Prez, PM warned of diabolical destabilisation projects to weaken state
Posted on February 23rd, 2020

By Shamindra Ferdinando Courtesy The Island


Having highlighted both local and external challenges faced by post-war Sri Lanka, Professor of Archaeology at the University of Kelaniya Prof. Raj Kumar Somadeva, on Saturday (22), warned there could not be a state without a country.

Underscoring the importance of exploring ways and means of providing homegrown solutions to complex issues on the basis of our past experiences, Prof. Somadeva, a member of the World Archaeological Congress, urged the new leadership to rectify shortcomings.

Prof. Somadeva said so at an event organised at Nelum Pokuna Theatre to celebrate National Freedom Front (NFF) leader Wimal Weerawasna’s 20th year in national politics. Among the invites were President Gotabaya Rajapaksa, Prime Minister Mahinda Rajapaksa, architect of Sri Lanka Podujana Peramuna (SLPP) Basil Rajapaksa, Dr. Gunadasa Amarasekera and Dudley Sirisena.

Prof. Somadeva, who led the high profile excavation of the Mannar mass graves, at the onset of his address explained how the post-Independence Sri Lanka had failed to achieve desired goals. He emphasised that the country was in current predicament due to the failure on the part of successive governments to adopt a national policies.

Senior lecturer Prof. Induragare Dharmarathana thera of the Cultural Studies section of the Kelaniya University and MP Weerawansa too explained the growing challenges faced by the Sri Lankan state with the latter declaring that President Gotabaya Rajapaksa had been elected to reverse the deterioration of the State.

Colombo District MP Weerawansa said the country remained vulnerable to destabilisation efforts in spite of eradication of terrorism in May 2009 and change of government in November 2019.

Weerawansa said that even if those who lost the last presidential election were ready to accept defeat, their external backers wouldn’t give up their efforts.

Emphasizing the responsibility on the part of the government to ensure public security, Prof. Somadeva said the country should follow nationalist policies and adopt homegrown solutions to its problems.

Prof. Somadeva also briefly dealt with the constitution making process undertaken by India and how Sri Lanka could benefit therefrom.

Commending Weerawansa for following nationalist strategies, Prof. Somadeva explained how rulers should deal with the citizenry under different circumstances.

Ven. Dharmarathana, having commended the way Weerawansa pursued nationalist strategies, both in and outside parliament, appreciated the role played by him, in his capacity as a top member of the JVP to create an environment conducive for de-linking the Eastern Province from the North in late 2006.
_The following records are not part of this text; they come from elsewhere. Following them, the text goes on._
Lemma nth_rot (T : Type) (x0 : T) n (s : seq T) j :
  (n <= size s)%N -> (j < size s)%N -> nth x0 (rot n s) j = nth x0 s ((j + n) %% size s).
Proof.
move=> ns js; rewrite /rot nth_cat size_drop; case: ifP => jn.
  by rewrite nth_drop modn_small; [rewrite addnC|lia].
have -> : ((j + n) %% size s = j - (size s - n))%N.
  by rewrite (_ : j + n = j - (size s - n) + size s)%N ?modnDr ?modn_small; lia.
by rewrite nth_take //; lia.
Qed.

(* For l = size x, the letter at position j of rot i (apply_relab p (winv x)) is
   p (linv x_(mirror l i j)). *)
Definition mirror l i j := (l - ((j + i) %% l).+1)%N.

Lemma mirror_lt l i j : (0 < l)%N -> (mirror l i j < l)%N.
Proof. by rewrite /mirror; lia. Qed.

Lemma dvdn_mirror l i j : (0 < l)%N -> (l %| i + j + mirror l i j + 1)%N.
Proof.
move=> l0; rewrite /mirror.
have := ltn_pmod (j + i) l0; have := divn_eq (j + i) l.
move: ((j + i) %% l)%N ((j + i) %/ l)%N => r q E rl.
by rewrite (_ : i + j + (l - r.+1) + 1 = q.+1 * l)%N ?dvdn_mull //; lia.
Qed.

Lemma nth_mirror_of_prefix k (p : {perm letter k}) (x : word k) d i m j :
  (i <= size x)%N -> (j < m)%N -> (j < size x)%N ->
  take m x = take m (rot i (apply_relab p (winv x))) ->
  nth d x j = p (linv (nth d x (mirror (size x) i j))).
Proof.
move=> il jm jl prefix_eq.
have size_img : size (apply_relab p (winv x)) = size x.
  by rewrite size_map size_rev size_map.
rewrite -(nth_take d jm x) prefix_eq nth_take // nth_rot ?size_img //.
have jil : ((j + i) %% size x < size x)%N by rewrite ltn_pmod //; lia.
by rewrite (nth_map d) ?nth_rev ?size_rev ?size_map // (nth_map d) //; lia.
Qed.

(* Positions j and j' are mirrors of each other iff l %| i + j + j' + 1 (dvdn_mirror); no two
   positions of the window [a, a + H) are. *)
Definition free_window l i a H :=
  [forall t : 'I_H, forall t' : 'I_H, ~~ (l %| i + (a + t) + (a + t') + 1)%N].

Lemma free_window_exists l i H :
  (6 * H <= l)%N -> exists2 a, (a <= 2 * H)%N & free_window l i a H.
Proof.
move=> Hl.
have [/existsP [j0 /existsP [j1 dvd_l]]|none] :=
  boolP [exists j0 : 'I_H, exists j1 : 'I_H, l %| i + j0 + j1 + 1]%N; last first.
  exists 0%N => //; apply/forallP => t; apply/forallP => t'.
  by have := existsPn (existsPn none t) t'; rewrite !add0n.
(* Past the mirror pair j0, j1 all the sums exceed a multiple of l by less than l. *)
exists (j0 + j1 + 1)%N; first by have := ltn_ord j0; have := ltn_ord j1; lia.
apply/forallP => t; apply/forallP => t'.
rewrite (_ : i + _ + _ + 1 = (i + j0 + j1 + 1) + (j0 + j1 + 2 + t + t'))%N; last by lia.
rewrite dvdn_addr //; apply/negP => /dvdn_leq.
by have := ltn_ord j0; have := ltn_ord j1; have := ltn_ord t; have := ltn_ord t'; lia.
Qed.

Section MirrorConstrained.
Variables (k : nat) (p : {perm letter k}) (d : letter k).

Definition mirror_constrained l H i a : pred (word k) := fun x =>
  [&& size x == l, freely_reduced x &
   [forall t : 'I_H, nth d x (a + t) == p (linv (nth d x (mirror l i (a + t))))]].

Lemma mirror_constrained_inj l H i a (x x' : word k) :
  (a + H <= l)%N -> free_window l i a H ->
  mirror_constrained l H i a x -> mirror_constrained l H i a x' ->
  take a x = take a x' -> drop (a + H) x = drop (a + H) x' -> x = x'.
Proof.
move=> aHl free /and3P [/eqP sx _ cx] /and3P [/eqP sx' _ cx'] eq_take eq_drop.
have outside q : (q < a)%N || (a + H <= q)%N -> nth d x q = nth d x' q.
  case/orP => [qa|qa]; first by rewrite -(nth_take d qa x) eq_take nth_take.
  by rewrite (_ : q = a + H + (q - (a + H)))%N -?nth_drop ?eq_drop //; lia.
apply: (eq_from_nth (x0 := d)) => [|q]; first by rewrite sx sx'.
rewrite sx => ql; have [/outside //|] := boolP ((q < a) || (a + H <= q))%N.
rewrite negb_or -leqNgt -ltnNge => /andP [aq qaH].
have tH : (q - a < H)%N by lia.
rewrite (_ : q = a + Ordinal tH)%N /=; last by lia.
rewrite (eqP (forallP cx (Ordinal tH))) (eqP (forallP cx' (Ordinal tH))).
have l0 : (0 < l)%N by lia.
have := dvdn_mirror i (a + Ordinal tH) l0; have := mirror_lt i (a + Ordinal tH) l0.
move: (mirror l i _) => z zl dvd_l; congr (p (linv _)); apply: outside.
apply/negPn/negP; rewrite negb_or -leqNgt -ltnNge => /andP [az zaH].
have t'H : (z - a < H)%N by lia.
have := forallP (forallP free (Ordinal tH)) (Ordinal t'H).
by rewrite /= (_ : a + (z - a) = z)%N ?dvd_l //; lia.
Qed.

Lemma count_mirror_constrained l H i a : (a + H <= l)%N -> free_window l i a H ->
  (count (mirror_constrained l H i a) (words k l) <= 4 * (k * 2).-1 ^ (l - H))%N.
Proof.
move=> aHl free.
pose pieces := [seq (u, v) | u <- [seq u <- words k a | freely_reduced u],
                             v <- [seq v <- words k (l - (a + H)) | freely_reduced v]].
apply: (@leq_trans (count predT pieces)).
  apply: (count_le_inj (f := fun x => (take a x, drop (a + H) x))); first exact: uniq_words.
    move=> x x'; rewrite !mem_filter => /andP [cx _] /andP [cx' _] [].
    exact: mirror_constrained_inj cx cx'.
  move=> x _ /and3P [/eqP sx fr_x _]; rewrite mem_filter /=.
  apply/allpairsP; exists (take a x, drop (a + H) x); split => //.
    by rewrite mem_filter mem_words size_takel ?sx ?eqxx ?andbT; [exact: freely_reduced_take|lia].
  by rewrite mem_filter mem_words size_drop sx eqxx andbT; exact: freely_reduced_drop.
rewrite count_predT size_allpairs !size_filter.
rewrite (_ : l - H = a + (l - (a + H)))%N ?expnD; last by lia.
have [_ ua] := andP (count_freely_reduced_bounds k a).
have [_ uv] := andP (count_freely_reduced_bounds k (l - (a + H))).
by apply: leq_trans (leq_mul ua uv) _; rewrite mulnACA.
Qed.

End MirrorConstrained.

(* With D = 3 dd and dd >= 1 / lam, the matched prefix has length m >= 3 H, which leaves room
   for the window of free_window_exists. *)
Definition window_len D l := ((l - D) %/ D)%N.

Lemma window_len_le D l : (window_len D l <= l)%N.
Proof. exact: leq_trans (leq_div _ _) (leq_subr _ _). Qed.

Lemma le_window_len D l : (0 < D)%N -> (l <= D * (window_len D l + 2))%N.
Proof.
move=> D0; have := divn_eq (l - D) D; have := ltn_pmod (l - D) D0.
rewrite /window_len; move: ((l - D) %/ D)%N ((l - D) %% D)%N => q r; nia.
Qed.

Local Open Scope ring_scope.

Lemma Sprime_window k (lam : R) (p : {perm letter k}) (d : letter k) dd l (x : word k) :
  (2 <= dd)%N -> 1 <= dd%:R * lam -> size x = l -> Sprime lam p x ->
  exists i a, [/\ (i <= l)%N, (a + window_len (3 * dd) l <= l)%N,
                  free_window l i a (window_len (3 * dd) l) &
                  mirror_constrained p d l (window_len (3 * dd) l) i a x].
Proof.
move=> dd2 dd_lam sx /andP [cr_x /existsP [i /existsP [m /andP [lam_m /eqP prefix_eq]]]].
set H := window_len (3 * dd) l.
have l_dd_m : (l <= dd * m)%N.
  rewrite -(ler_nat R) natrM -sx; apply: le_trans (_ : dd%:R * lam * (size x)%:R <= _).
    by rewrite ler_peMl.
  by rewrite -mulrA ler_wpM2l.
have H_dd : (H * (3 * dd) <= l - 3 * dd)%N by exact: leq_divM.
have [|a a2H free] := @free_window_exists l i H; first by nia.
exists i, a; split => //; [by rewrite -ltnS -sx|nia|].
apply/and3P; split; [by rewrite sx|by case/andP: cr_x|].
apply/forallP => t; apply/eqP; rewrite -sx.
apply: (nth_mirror_of_prefix d _ _ _ prefix_eq).
- by rewrite -ltnS.
- by have := ltn_ord t; nia.
- by have := ltn_ord t; rewrite sx; nia.
Qed.

Lemma count_Sprime k (lam : R) (p : {perm letter k}) dd l :
  (0 < k)%N -> (2 <= dd)%N -> 1 <= dd%:R * lam ->
  (count (Sprime lam p) (words k l) <=
   l.+1 * l.+1 * (4 * (k * 2).-1 ^ (l - window_len (3 * dd) l)))%N.
Proof.
move=> k0 dd2 dd_lam; pose d : letter k := (Ordinal k0, false).
set H := window_len (3 * dd) l.
pose Q (ia : 'I_l.+1 * 'I_l.+1) := [pred x | [&& ia.2 + H <= l, free_window l ia.1 ia.2 H &
                                          mirror_constrained p d l H ia.1 ia.2 x]]%N.
apply: (leq_trans (count_le_sum_cover (Q := Q) _)).
  move=> x; rewrite mem_words => /eqP sx /(Sprime_window d dd2 dd_lam sx).
  move=> [i [a [il aHl free cx]]]; have al : (a < l.+1)%N by lia.
  by exists (Ordinal (il : (i < l.+1)%N), Ordinal al); apply/and3P.
apply: (@leq_trans (\sum_(ia : 'I_l.+1 * 'I_l.+1) 4 * (k * 2).-1 ^ (l - H))%N); last first.
  by rewrite sum_nat_const card_prod card_ord.
apply: leq_sum => -[i a] _ /=.
have [/andP [aHl free]|bad] := boolP ((a + H <= l)%N && free_window l i a H).
  apply: leq_trans (count_mirror_constrained p d aHl free).
  by apply: sub_count => x /and3P [].
rewrite (eq_count (a2 := pred0)) ?count_pred0 // => x /=.
by rewrite andbA (negbTE bad).
Qed.

Lemma ler_bernoulli (F : realFieldType) (x : F) n : -1 <= x -> 1 + n%:R * x <= (1 + x) ^+ n.
Proof.
move=> x_ge; elim: n => [|n IH]; first by rewrite mul0r addr0 expr0.
rewrite exprS -natr1; apply: le_trans (_ : (1 + x) * (1 + n%:R * x) <= _).
  have : 0 <= n%:R * x ^+ 2 :> F by rewrite mulr_ge0 ?sqr_ge0.
  by rewrite expr2; nra.
by rewrite ler_wpM2l //; lra.
Qed.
Having faulted the JVP for not accepting the then President Mahinda Rajapaksa’s repeated requests to join his government, the Thera referred MP Weerawansa’s untiring efforts to convince the party to back that government. Ven. Dharmarathana regretted that the JVP had missed the opportunities that had presented themselves.

Had the JVP acted sensibly, it might even have been able to secure political power or be in a strong position in a ruling alliance, Ven. Dharmarathana said.

Recollecting the role played by the JVP in the then President Chandrika Bandaranaike Kumaratunga’s ‘probationary’ government, Ven. Dharmarathana said ill-conceived policies had led to an erosion of public confidence in the JVP to such an extent it had polled a paltry 3 per cent of the vote at the last presidential election.

The Thera alleged that JVP had paid a very heavy price for throwing its weight behind the UNP.

Referring to MP Weerawansa’s criticism of Mahinda Rajapaksa government’s economic policies especially during his second term, Ven. Dharmarathana underscored the importance of learning from past experience.

Ven. Dharmarathana pointed out that President Gotabaya Rajapaksa couldn’t spend time on day to day events. The President’s responsibility was to ensure proper handling of State policy.

Ven. Dharmarathana explained how various Western concepts could be used by interested parties to destabilise President Gotabaya Rajapaksa administration.

Prime Minister Mahinda Rajapaksa, in his brief speech, paid a glowing a tribute to MP Weerawansa’s political role, both as a member of the JVP parliamentary group as well as the leader of the NFF. Rajapaksa recollected how Weerawansa, having quit the JVP during his first term as the president, built a party of his own. Former SLFP leader Rajapaksa remembered the role played by MP Weerawansa along with other members to bring him back to power. The launch of ‘Mahinda Sulanga’ campaign with a massive rally at Nugegoda had come as a rule shock to those celebrating the change of government in January 2015, Rajapaksa said, alleging that the Rajapaksas, including wartime Defence Secretary Gotabaya and key members of that administration had been targeted because the yahapalana lot couldn’t stomach the eradication of terrorism.

PM Rajapaksa said that the campaign in which Weerawansa played a significant role had facilitated Gotabaya Rajapaksa’s successful election campaign finally leading to an overwhelming victory at the 2019 presidential election.